If you'd like to test a release candidate to help verify (when we have one, that is), please reach out.

Kevinlee49 commented 8 months ago

@Adarsh-Ramanathan Sure, thank you! I will look forward to your message and new update!

Adarsh-Ramanathan commented 8 months ago

@Kevinlee49, I have a candidate runtime image for you to test. I've run it several times through the flow I used to repro, and as far as I can tell, the issue is fixed. Would you be willing to test on your flow to confirm?

You can pull the image from adramapfdev.azurecr.io/promptflow-runtime:20240314.

You'll need to a) pull this image and re-push it to your workspace ACR, b) create a custom environment in your workspace with the image from your workspace ACR and an empty conda file, and c) update your CI runtime, choose the custom environment option, and pick the environment you created in (b).

ChenJieting commented 8 months ago

Issue #2026 pertains to the same question as this issue.

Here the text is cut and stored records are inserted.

(* Every finitely generated subfield of [F] embeds in an algebraically closed
   field; an ultraproduct glues these embeddings into one for [F]. *)
Lemma exists_closed_field_embedding : exists (L : closedFieldType) (f : F -> L),
  [/\ {morph f : x y / x + y}, {morph f : x y / x * y} & f 1 = 1].
Proof.
have [U [UU cofinalU]] := ultraFilterLemma cofinal_seq_proper.
have large (s0 : seq F) : U [set s : seq F | {subset s0 <= s}] by apply: cofinalU; exists s0.
pose L := ultraprod (fun s => (gen_closure s : closedFieldType)) UU.
pose f x : L := \pi_(ultraprod_ring _ UU) (DProd (fun s => gen_embed s x)).
have gen_in x y s : {subset [:: x; y] <= s} ->
    x \in subfield_gen s /\ y \in subfield_gen s.
  by move=> sub; split; apply/mem_subfield_gen/sub; rewrite !inE eqxx ?orbT.
exists L, f; split.
- move=> x y; rewrite -rmorphD; apply/ultraprod_eqP.
  by apply: filterS (large [:: x; y]) => s /gen_in [hx hy] /=; apply: gen_embedD.
- move=> x y; rewrite -rmorphM; apply/ultraprod_eqP.
  by apply: filterS (large [:: x; y]) => s /gen_in [hx hy] /=; apply: gen_embedM.
- rewrite -(rmorph1 \pi_(ultraprod_ring _ UU)); apply/ultraprod_eqP.
  by apply: filterS filterT => s _ /=; apply: gen_embed1.
Qed.
End ClosedFieldEmbedding.

Section ValuationArithmetic.
Variables (K : fieldType) (v : K -> int).
Hypothesis hv : is_normalised_discrete_valuation v.

Lemma valuationM (x y : K) : x != 0 -> y != 0 -> v (x * y) = v x + v y.
Proof. by case: hv => h _ _; apply: h. Qed.

Lemma valuation1 : v 1 = 0.
Proof.
have := valuationM (oner_neq0 K) (oner_neq0 K); rewrite mulr1 => h.
by apply/esym/(@addrI _ (v 1)); rewrite addr0.
Qed.

Lemma valuationN (x : K) : v (- x) = v x.
Proof.
have n1 : (-1 : K) != 0 by rewrite oppr_eq0 oner_neq0.
have vN1 : v (-1) = 0.
  by have := valuationM n1 n1; rewrite mulrNN mulr1 valuation1; lia.
have [->|x0] := eqVneq x 0; first by rewrite oppr0.
by rewrite -mulN1r valuationM // vN1 add0r.
Qed.

Lemma valuationV (x : K) : x != 0 -> v x^-1 = - v x.
Proof.
by move=> x0; have := valuationM x0 (invr_neq0 x0); rewrite mulfV // valuation1; lia.
Qed.

Lemma vgeW (x : K) m n : m <= n -> vge v x n -> vge v x m.
Proof. by move=> mn [->|h]; [left|right; apply: le_trans h]. Qed.

Lemma veq_vge (x : K) n : veq v x n -> vge v x n.
Proof. by case=> _ <-; right. Qed.

Lemma veq_vge_le (x : K) m n : veq v x n -> vge v x m -> m <= n.
Proof. by case=> /negPf x0 <- [/eqP|//]; rewrite x0. Qed.

Lemma vgeD (x y : K) n : vge v x n -> vge v y n -> vge v (x + y) n.
Proof.
case=> [->|hx]; first by rewrite add0r.
case=> [->|hy]; first by rewrite addr0; right.
have [xy0|xy0] := eqVneq (x + y) 0; first by left.
have [->|x0] := eqVneq x 0; first by rewrite add0r; right.
have [->|y0] := eqVneq y 0; first by rewrite addr0; right.
right; case: hv => _ h _; apply: le_trans (h _ _ x0 y0 xy0).
by rewrite le_min hx hy.
Qed.

Lemma vgeN (x : K) n : vge v x n -> vge v (- x) n.
Proof. by case=> [->|h]; [rewrite oppr0; left|right; rewrite valuationN]. Qed.

Lemma vgeM (x y : K) m n : vge v x m -> vge v y n -> vge v (x * y) (m + n).
Proof.
case=> [->|hx]; first by rewrite mul0r; left.
case=> [->|hy]; first by rewrite mulr0; left.
have [->|x0] := eqVneq x 0; first by rewrite mul0r; left.
have [->|y0] := eqVneq y 0; first by rewrite mulr0; left.
by right; rewrite valuationM // lerD.
Qed.

Lemma vgeX (x : K) n k : vge v x n -> vge v (x ^+ k) (n *+ k).
Proof.
move=> h; elim: k => [|k IH]; first by right; rewrite expr0 valuation1.
by rewrite exprS mulrS; apply: vgeM.
Qed.

Lemma vgeM_le (x y : K) m n k : vge v x m -> vge v y n -> k <= m + n ->
  vge v (x * y) k.
Proof. by move=> hx hy /vgeW; apply; apply: vgeM. Qed.

Lemma vgeX_le (x : K) n k j : vge v x n -> j <= n *+ k -> vge v (x ^+ k) j.
Proof. by move=> hx /vgeW; apply; apply: vgeX. Qed.

Lemma veqM (x y : K) m n : veq v x m -> veq v y n -> veq v (x * y) (m + n).
Proof. by case=> x0 <- [y0 <-]; split; [rewrite mulf_neq0|rewrite valuationM]. Qed.

Lemma veqX (x : K) n k : veq v x n -> veq v (x ^+ k) (n *+ k).
Proof.
case=> x0 <-; split; first by rewrite expf_neq0.
elim: k => [|k IH]; first by rewrite expr0 valuation1.
by rewrite exprS valuationM ?expf_neq0 // IH mulrS.
Qed.

Lemma veqD_dominant (x y : K) n : veq v x n -> vge v y (n + 1) -> veq v (x + y) n.
Proof.
move=> hx hy; have hxy : vge v (x + y) n by apply: vgeD (veq_vge hx) (vgeW _ hy); lia.
have not_hxy1 : ~ vge v (x + y) (n + 1).
  by move=> /vgeD /(_ (vgeN hy)); rewrite addrK => /(veq_vge_le hx); lia.
case: hxy => [xy0|le_n]; first by case: not_hxy1; left.
split; first by apply: contra_notN not_hxy1 => /eqP->; left.
by apply/eqP; rewrite eq_le le_n andbT leNgt; apply/negP => lt_n; apply: not_hxy1; right; lia.
Qed.

Lemma veqMX (c x : K) m n k j :
  veq v c m -> veq v x n -> m + n *+ k = j -> veq v (c * x ^+ k) j.
Proof. by move=> hc /(veqX k) hx <-; apply: veqM. Qed.

Lemma veq_dominant (lead rest sum : K) n :
  sum = lead + rest -> veq v lead n -> vge v rest (n + 1) -> veq v sum n.
Proof. by move=> ->; apply: veqD_dominant. Qed.

Lemma neq0_dominant (lead rest sum : K) n :
  sum = lead + rest -> veq v lead n -> vge v rest (n + 1) -> sum != 0.
Proof. by move=> e hl hr; case: (veq_dominant e hl hr). Qed.

Lemma integral_unit_or_maximal (x : K) : integral v x -> veq v x 0 \/ vge v x 1.
Proof.
case=> [->|h]; first by right; left.
have [->|x0] := eqVneq x 0; first by right; left.
have [e|ne] := eqVneq (v x) 0; first by left.
by right; right; lia.
Qed.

Kevinlee49 commented 8 months ago

@Kevinlee49, I have a candidate runtime image for you to test. I've run it several times through the flow I used to repro, and as far as I can tell, the issue is fixed. Would you be willing to test on your flow to confirm?

You can pull the image from adramapfdev.azurecr.io/promptflow-runtime:20240314.

You'll need to a) pull this image and re-push it to your workspace ACR, b) create a custom environment in your workspace with the image from your workspace ACR and an empty conda file, and c) update your CI runtime, choose the custom environment option, and pick the environment you created in (b).

@Adarsh-Ramanathan thank you, I will try it today! @Adarsh-Ramanathan I was trying to create a new runtime as following your instruction, but I got this error. Do you know how to handle this?

Runtime pf-test2-runtime create failed. FlowRuntime pf-test2-runtime in compute instance mylee-compute2 is not ready: runtime starting timeout. Please try to create a new compute instance to hold runtime

github-actions[bot] commented 7 months ago

Hi, we're sending this friendly reminder because we haven't heard back from you in 30 days. We need more information about this issue to help address it. Please be sure to give us your input. If we don't hear back from you within 7 days of this comment, the issue will be automatically closed. Thank you!